** Opening Records to process block **

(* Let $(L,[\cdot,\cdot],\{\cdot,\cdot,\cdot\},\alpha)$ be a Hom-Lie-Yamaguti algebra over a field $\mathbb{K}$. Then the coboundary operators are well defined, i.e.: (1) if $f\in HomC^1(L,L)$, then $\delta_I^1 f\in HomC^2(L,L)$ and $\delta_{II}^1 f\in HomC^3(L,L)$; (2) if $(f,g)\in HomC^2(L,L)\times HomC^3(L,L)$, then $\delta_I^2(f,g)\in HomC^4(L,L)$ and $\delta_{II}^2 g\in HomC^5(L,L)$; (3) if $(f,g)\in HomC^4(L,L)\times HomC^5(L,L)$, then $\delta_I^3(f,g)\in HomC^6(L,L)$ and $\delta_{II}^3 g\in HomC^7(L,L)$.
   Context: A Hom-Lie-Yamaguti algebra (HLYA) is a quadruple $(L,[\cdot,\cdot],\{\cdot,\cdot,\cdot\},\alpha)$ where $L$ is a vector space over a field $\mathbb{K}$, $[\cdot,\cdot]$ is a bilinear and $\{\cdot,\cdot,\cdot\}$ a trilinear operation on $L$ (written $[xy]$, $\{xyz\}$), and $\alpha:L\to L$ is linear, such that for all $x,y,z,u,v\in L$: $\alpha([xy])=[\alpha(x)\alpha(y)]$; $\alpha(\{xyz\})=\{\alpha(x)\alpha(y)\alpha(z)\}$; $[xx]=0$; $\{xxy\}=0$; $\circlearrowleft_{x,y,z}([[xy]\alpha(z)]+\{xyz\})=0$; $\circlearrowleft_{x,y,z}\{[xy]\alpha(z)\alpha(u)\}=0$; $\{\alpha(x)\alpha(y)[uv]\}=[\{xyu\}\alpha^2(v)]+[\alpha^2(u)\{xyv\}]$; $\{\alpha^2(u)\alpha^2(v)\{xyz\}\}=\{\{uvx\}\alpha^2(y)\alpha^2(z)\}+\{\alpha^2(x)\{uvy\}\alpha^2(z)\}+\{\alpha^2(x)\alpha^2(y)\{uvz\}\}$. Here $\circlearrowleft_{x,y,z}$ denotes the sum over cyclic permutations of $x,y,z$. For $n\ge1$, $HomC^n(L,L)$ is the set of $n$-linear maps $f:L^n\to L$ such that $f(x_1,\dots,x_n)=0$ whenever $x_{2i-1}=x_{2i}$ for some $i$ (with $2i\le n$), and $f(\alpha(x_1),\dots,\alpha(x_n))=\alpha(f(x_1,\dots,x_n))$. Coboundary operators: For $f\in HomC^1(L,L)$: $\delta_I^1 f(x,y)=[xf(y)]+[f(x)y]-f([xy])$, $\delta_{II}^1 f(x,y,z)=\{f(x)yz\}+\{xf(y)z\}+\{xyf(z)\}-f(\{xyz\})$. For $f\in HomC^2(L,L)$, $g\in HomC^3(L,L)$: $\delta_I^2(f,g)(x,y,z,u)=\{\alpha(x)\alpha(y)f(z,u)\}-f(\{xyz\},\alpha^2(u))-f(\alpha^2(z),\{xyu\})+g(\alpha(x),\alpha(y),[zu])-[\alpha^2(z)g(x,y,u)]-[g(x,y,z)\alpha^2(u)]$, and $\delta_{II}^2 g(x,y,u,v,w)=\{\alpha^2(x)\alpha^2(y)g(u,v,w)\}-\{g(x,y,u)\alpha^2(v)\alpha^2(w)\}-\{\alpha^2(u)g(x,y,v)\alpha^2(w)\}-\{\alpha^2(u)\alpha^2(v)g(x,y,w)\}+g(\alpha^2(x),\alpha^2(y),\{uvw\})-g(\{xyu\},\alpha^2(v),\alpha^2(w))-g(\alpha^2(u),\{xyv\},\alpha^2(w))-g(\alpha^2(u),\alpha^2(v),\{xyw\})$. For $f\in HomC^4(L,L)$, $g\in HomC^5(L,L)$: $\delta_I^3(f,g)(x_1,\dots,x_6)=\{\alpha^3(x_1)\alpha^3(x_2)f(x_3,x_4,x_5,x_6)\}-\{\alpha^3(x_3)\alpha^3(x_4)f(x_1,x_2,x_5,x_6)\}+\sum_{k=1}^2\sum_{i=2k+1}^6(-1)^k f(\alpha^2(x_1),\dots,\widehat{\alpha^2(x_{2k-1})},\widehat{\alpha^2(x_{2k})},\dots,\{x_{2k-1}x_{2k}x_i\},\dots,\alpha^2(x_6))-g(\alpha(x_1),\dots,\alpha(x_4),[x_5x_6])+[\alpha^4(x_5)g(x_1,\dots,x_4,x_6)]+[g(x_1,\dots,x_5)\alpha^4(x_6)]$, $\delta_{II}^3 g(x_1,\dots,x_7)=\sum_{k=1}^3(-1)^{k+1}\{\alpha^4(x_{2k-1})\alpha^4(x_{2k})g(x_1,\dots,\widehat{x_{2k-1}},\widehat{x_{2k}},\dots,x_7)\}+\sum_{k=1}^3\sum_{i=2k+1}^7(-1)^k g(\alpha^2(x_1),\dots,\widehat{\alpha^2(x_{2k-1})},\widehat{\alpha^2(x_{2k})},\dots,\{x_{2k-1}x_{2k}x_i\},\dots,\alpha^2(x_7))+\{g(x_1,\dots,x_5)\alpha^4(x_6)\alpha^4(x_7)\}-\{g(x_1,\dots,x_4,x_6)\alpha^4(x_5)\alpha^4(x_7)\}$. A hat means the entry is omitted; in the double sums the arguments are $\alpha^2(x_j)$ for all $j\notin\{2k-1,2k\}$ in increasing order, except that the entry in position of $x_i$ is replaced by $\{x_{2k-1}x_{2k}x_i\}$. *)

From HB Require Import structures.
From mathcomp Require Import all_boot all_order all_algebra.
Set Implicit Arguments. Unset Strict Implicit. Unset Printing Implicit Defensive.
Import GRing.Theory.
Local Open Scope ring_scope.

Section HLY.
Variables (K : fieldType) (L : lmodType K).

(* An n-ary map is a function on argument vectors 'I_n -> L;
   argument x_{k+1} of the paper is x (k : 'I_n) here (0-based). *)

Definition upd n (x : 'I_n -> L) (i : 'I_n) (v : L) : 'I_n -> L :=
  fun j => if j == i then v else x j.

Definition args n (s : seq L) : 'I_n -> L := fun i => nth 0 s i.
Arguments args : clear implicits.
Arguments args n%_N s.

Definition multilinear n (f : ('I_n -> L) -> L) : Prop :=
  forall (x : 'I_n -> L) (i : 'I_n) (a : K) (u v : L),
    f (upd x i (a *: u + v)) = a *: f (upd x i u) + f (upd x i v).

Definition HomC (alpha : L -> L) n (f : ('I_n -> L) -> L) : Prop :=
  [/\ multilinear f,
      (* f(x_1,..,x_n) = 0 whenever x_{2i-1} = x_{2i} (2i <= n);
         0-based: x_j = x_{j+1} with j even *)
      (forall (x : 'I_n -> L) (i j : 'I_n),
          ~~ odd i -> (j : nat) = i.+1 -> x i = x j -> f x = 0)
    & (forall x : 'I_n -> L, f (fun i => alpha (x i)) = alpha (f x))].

** Closing Records to process block **

Action item
Sift through the material above and copy each line that holds "From".

Your solution
From HB Require Import structures.
From mathcomp Require Import all_boot all_order all_algebra.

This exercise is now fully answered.